Data extracted from a collection:
#####

(** * Schwarz's lemma and the growth bound for class H *)

Lemma schwarz_quotient_le_inv_radius (f : C -> C) rho : classH f -> 0 < rho < 1 ->
  forall z, Cmod z <= rho -> Cmod (schwarz_quotient f z) <= 1 / rho.
Proof.
  intros Hf Hrho.
  destruct (closed_disk_max (fun z => Cmod (schwarz_quotient f z)) rho ltac:(lra)) as [zs [Hzs Hmax]].
  { intros z Hz eps Heps.
    destruct (schwarz_quotient_continuous f z Hf ltac:(lra) eps Heps) as [d [Hd Hd']].
    exists d. split; auto. intros w Hw. eapply Rle_lt_trans; [apply Cmod_reverse_triangle | auto]. }
  intros z Hz. eapply Rle_trans; [apply Hmax; auto|]. clear z Hz.
  set (gam := schwarz_quotient f zs).
  assert (Hrho_lt : Cmod (schwarz_quotient f (CR rho)) < 1 / rho).
  { pose proof (schwarz_quotient_lt_inv f (CR rho) Hf) as H. rewrite Cmod_R, Rabs_pos_eq in H by lra.
    apply H; [lra|]. intros E. apply (f_equal fst) in E. simpl in E. lra. }
  destruct (Req_dec (Cmod zs) rho) as [Heq|Hne].
  { assert (zs <> CR 0) by (intros E; rewrite E, Cmod_0 in Heq; lra).
    pose proof (schwarz_quotient_lt_inv f zs Hf ltac:(lra) H). rewrite Heq in H0. unfold gam. lra. }
  destruct (classic (gam = CR 0)) as [Hg0|Hg0].
  { rewrite Hg0, Cmod_0. apply Rlt_le, Rdiv_lt_0_compat; lra. }
  (* The maximum is interior: rigidity makes h constant along the segment from zs to rho. *)
  assert (Hseg : forall t, 0 <= t <= 1 -> Cmod (segment zs (CR rho) t) <= (1 - t) * Cmod zs + t * rho).
  { intros t Ht. unfold segment.
    replace (zs + CR t * (CR rho - zs))%C with (CR (1 - t) * zs + CR (t * rho))%C
      by (rewrite RtoC_minus, RtoC_mult; Cring).
    eapply Rle_trans; [apply Cmod_triangle|]. rewrite Cmod_mult, !Cmod_R, !Rabs_pos_eq; nra. }
  enough (schwarz_quotient f (CR rho) = gam) as <- by lra.
  apply (segment_value_propagates _ zs (CR rho) gam); auto.
  - intros t Ht. apply schwarz_quotient_continuous; auto. specialize (Hseg t Ht). nra.
  - intros t Ht Hval. specialize (Hseg t ltac:(lra)).
    assert (Hin : Cmod (segment zs (CR rho) t) < rho) by nra.
    apply schwarz_quotient_locally_constant; auto; [lra|].
    exists (rho - Cmod (segment zs (CR rho) t)). split; [lra|]. intros z Hz.
    apply Hmax. pose proof (Cmod_triangle (z - segment zs (CR rho) t) (segment zs (CR rho) t)).
    replace (z - segment zs (CR rho) t + segment zs (CR rho) t)%C with z in H by Cring. lra.
Qed.

Lemma schwarz_quotient_le_1 (f : C -> C) z : classH f -> Cmod z < 1 -> Cmod (schwarz_quotient f z) <= 1.
Proof.
  intros Hf Hz. apply le_of_forall_lt_plus. intros e He.
  set (rho := Rmax (Cmod z) (1 / (1 + e / 2))).
  assert (H1 : 1 / (1 + e / 2) < 1) by (apply (Rmult_lt_reg_r (1 + e / 2)); [lra|]; field_simplify; lra).
  assert (Hrho : 0 < rho < 1).
  { split; [apply Rlt_le_trans with (1 / (1 + e / 2)); [apply Rdiv_lt_0_compat; lra | apply Rmax_r]|].
    apply Rmax_lub_lt; lra. }
  eapply Rle_lt_trans; [apply (schwarz_quotient_le_inv_radius f rho); auto; apply Rmax_l|].
  assert (1 / (1 + e / 2) <= rho) by apply Rmax_r.
  apply (Rmult_lt_reg_r rho); [lra|]. field_simplify; [|lra].
  apply (Rmult_le_compat_l (1 + e / 2)) in H; [|lra]. field_simplify in H; lra.
Qed.

(* Schwarz's lemma for the Cayley transform (f - 1) / (f + 1), which vanishes at 0. *)
Lemma classH_schwarz (f : C -> C) z : classH f -> Cmod z < 1 -> Cmod (f z - CR 1) <= Cmod z * Cmod (f z + CR 1).
Proof.
  intros Hf Hz. destruct (classic (z = CR 0)) as [->|Hz0].
  - rewrite (classH_at_0 f Hf). replace (CR 1 - CR 1)%C with (CR 0) by Cring.
    rewrite !Cmod_0. lra.
  - rewrite <- (Cmod_schwarz_quotient f z Hf Hz Hz0).
    pose proof (schwarz_quotient_le_1 f z Hf Hz).
    pose proof (Cmod_ge_0 z). pose proof (Cmod_ge_0 (f z + CR 1)).
    assert (0 <= Cmod z * Cmod (f z + CR 1)) by nra. nra.
Qed.

Lemma classH_growth (f : C -> C) z : classH f -> Cmod z < 1 -> Cmod (f z) <= (1 + Cmod z) / (1 - Cmod z).
Proof.
  intros Hf Hz. pose proof (classH_schwarz f z Hf Hz).
  pose proof (Cmod_triangle (f z - CR 1) (CR 1)). replace (f z - CR 1 + CR 1)%C with (f z) in H0 by Cring.
  pose proof (Cmod_triangle (f z) (CR 1)). rewrite Cmod_R, Rabs_R1 in H0, H1.
  pose proof (Cmod_ge_0 z).
  apply (Rmult_le_reg_r (1 - Cmod z)); [lra|]. field_simplify; [|lra].
  assert (Cmod z * Cmod (f z + CR 1) <= Cmod z * (Cmod (f z) + 1)) by (apply Rmult_le_compat_l; lra).
  nra.
Qed.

#####

• [What is expected] Up to and including the line with "destruct (closed_disk_max (fun", transcribe the entries above exactly, starting from their first line.

• [Response to this task]
(** * Schwarz's lemma and the growth bound for class H *)

Lemma schwarz_quotient_le_inv_radius (f : C -> C) rho : classH f -> 0 < rho < 1 ->
  forall z, Cmod z <= rho -> Cmod (schwarz_quotient f z) <= 1 / rho.
Proof.
  intros Hf Hrho.
  destruct (closed_disk_max (fun z => Cmod (schwarz_quotient f z)) rho ltac:(lra)) as [zs [Hzs Hmax]].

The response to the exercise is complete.